Hypercholesterolemia induces regression in neointimal thickening due to apoptosis of vascular smooth muscle cells in the hamster endothelial injury model.

Abstract

Hypercholesterolemia is a major risk factor in the development of atherosclerosis. Although matrix metalloproteinase may play a key role in plaque rupture, apoptosis of vascular smooth muscle cells (VSMCs), which is induced by cholesterol and its oxides may also contribute to instability and rupture of plaque. Thus, we investigated the roles of hypercholesterolemia in vascular remodeling following endothelial injury in the hamster femoral artery. The endothelium was injured by photochemical reaction between green light and the photosensitizer dye, Rose Bengal. Photochemical reaction is routinely used in our laboratory to produce endothelial injury without mechanical stretching in experimental animals. In normocholesterolemic hamsters (NCH), neointimal thickening gradually progressed within a 3-week observation period after endothelial injury. In hypercholesterolemic hamsters (HCH), neointimal thickening gradually progressed until the second week after endothelial injury. In contrast, at the third week neointimal thickening regressed and was thinner than that at the second week. There was no significant difference in in vivo proliferation of VSMCs detected by in vivo BrdU uptake between HCH and NCH. Apoptotic cells in the neointima and the media were observed in HCH from 2 to 4 weeks after endothelial injury, but not in NCH. At 2 weeks after endothelial injury, the numbers of TUNEL-positive VSMCs in HCH were significantly higher than those in NCH (neointima; 1.2 +/- 0.3 vs. 0.3 +/- 0.1%, P<0.05, media; 2.9 +/- 0.6 vs. 0.6 +/- 0.2%, P<0.01).
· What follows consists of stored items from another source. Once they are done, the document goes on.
Lemma IC_high_row (M : mech) : IC mu0 rho pi c M ->
  principal_cont pi k (xhat M (Some true)) (sig2 M (Some true)) rho <= 1 - k \/
  sig2 M (Some true) = false /\ forall r, xhat M (Some true) r.
Proof.
move=> ic; have := mu2_between; case: A => *.
have high_pos : 0 < obs_prob mu0 pi (sig1 M) (Some true) by apply: obs_prob_Some_gt0; apply/andP.
apply: high_row_le_or_const_true; try apply/andP; try nra.
- exact: ic.2.
- exact: (IC_deviation (o := Some true) false false id ic high_pos).
- exact: (IC_deviation (o := Some true) false false (fun _ => false) ic high_pos).
Qed.

Lemma payoffP_untested_le (M : mech) : sig1 M = false ->
  payoffP mu0 rho pi k M <=
    pi * mu0 * principal_cont pi k (xhat M (Some true)) (sig2 M (Some true)) rho
    + pi * (1 - mu0) * (rho + pi * (1 - rho))
    + (1 - pi) * principal_cont pi k (xhat M None) (sig2 M None) (mu2 mu0 rho).
Proof.
move=> untested; have := mu2_between; case: A => *.
rewrite payoffP_decomp untested sum_report /obs_prob /p_w1 /belief /p_trans /=.
have low_weight_ge0 : 0 <= pi * (1 - mu0) by nra.
have := ler_wpM2l low_weight_ge0
  (principal_cont_low_le (xhat M (Some false)) (sig2 M (Some false)) (or_intror erefl)).
lra.
Qed.

Lemma IC_le_mech_ii_or_reward_high (M : mech) : IC mu0 rho pi c M ->
  payoffP mu0 rho pi k M <= payoffP mu0 rho pi k mech_ii \/
  [/\ sig1 M = false, sig2 M (Some true) = false & forall r, xhat M (Some true) r].
Proof.
move=> ic; case tested: (sig1 M); first by left; apply: payoffP_tested_le; rewrite tested.
case: (IC_high_row ic) => [high_le|[passive reward]]; last by right.
left; apply: le_trans (payoffP_untested_le tested) _; rewrite payoffP_mech_ii.
have := principal_cont_none_le (xhat M None) (sig2 M None).
case: A => *; have high_weight_ge0 : 0 <= pi * mu0 by nra.
have := ler_wpM2l high_weight_ge0 high_le.
nra.
Qed.

Lemma payoffP_le_max (M : mech) : IC mu0 rho pi c M ->
  payoffP mu0 rho pi k M <= Num.max (payoffP mu0 rho pi k mech_i) (payoffP mu0 rho pi k mech_ii).
Proof.
case/IC_le_mech_ii_or_reward_high => [le_ii|[untested passive reward]].
  by rewrite le_max le_ii orbT.
rewrite le_max; apply/orP; left; apply: le_trans (payoffP_untested_le untested) _.
rewrite passive principal_cont_const_true // payoffP_mech_i.
have := principal_cont_none_le (xhat M None) (sig2 M None).
case: A => *; nra.
Qed.

Lemma follows_r2_none_row_infeasible (f : report -> bool) (e : bool) (A0 : R) :
  pi * c < (1 - pi) * (1 - rho) * (mu0 - (1 - mu0) * (1 - pi)) -> follows_r2 f ->
  agent_cont pi c f false (fun _ => true) (1 - rho) <= A0 ->
  mu0 + (1 - mu0) * A0 - c
    <= pi * mu0 + pi * (1 - mu0) * A0
       + (1 - pi) * agent_cont pi c f e (fun _ => true) (mu2 mu0 rho) ->
  False.
Proof.
move=> gamma_lt follows conceal_low no_test1.
have := mu2_between; have [c_gt0 _] := cost_gt0; case: A => *.
(* As c <= (1 - pi) mu2, testing is A's best reply in this row. *)
have none_le : agent_cont pi c f e (fun _ => true) (mu2 mu0 rho) <= mu2 mu0 rho - c.
  by apply: agent_cont_follows_r2_le => //; nra.
have low_value : agent_cont pi c f false (fun _ => true) (1 - rho) = pi * (1 - rho).
  by case/and3P: follows => f1 /negbTE f0 /negbTE fN; rewrite /agent_cont /= f1 f0 fN /b2R; ring.
rewrite low_value in conceal_low.
have pi'_ge0 : 0 <= 1 - pi by lra.
have low_weight_ge0 : 0 <= (1 - pi) * (1 - mu0) by nra.
have := ler_wpM2l pi'_ge0 none_le; have := ler_wpM2l low_weight_ge0 conceal_low.
rewrite /mu2; nra.
Qed.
Cholesterol deposit, which is detected by oil red O staining was observed in a neointimal or medial area in HCH, but not in NCH. These findings suggest that hypercholesterolemia with endothelial injury may induce VSMC apoptosis, followed by the regression of neointimal thickening, further hypercholesteremia might play a role in inducing plaque rupture through apoptosis of VSMC.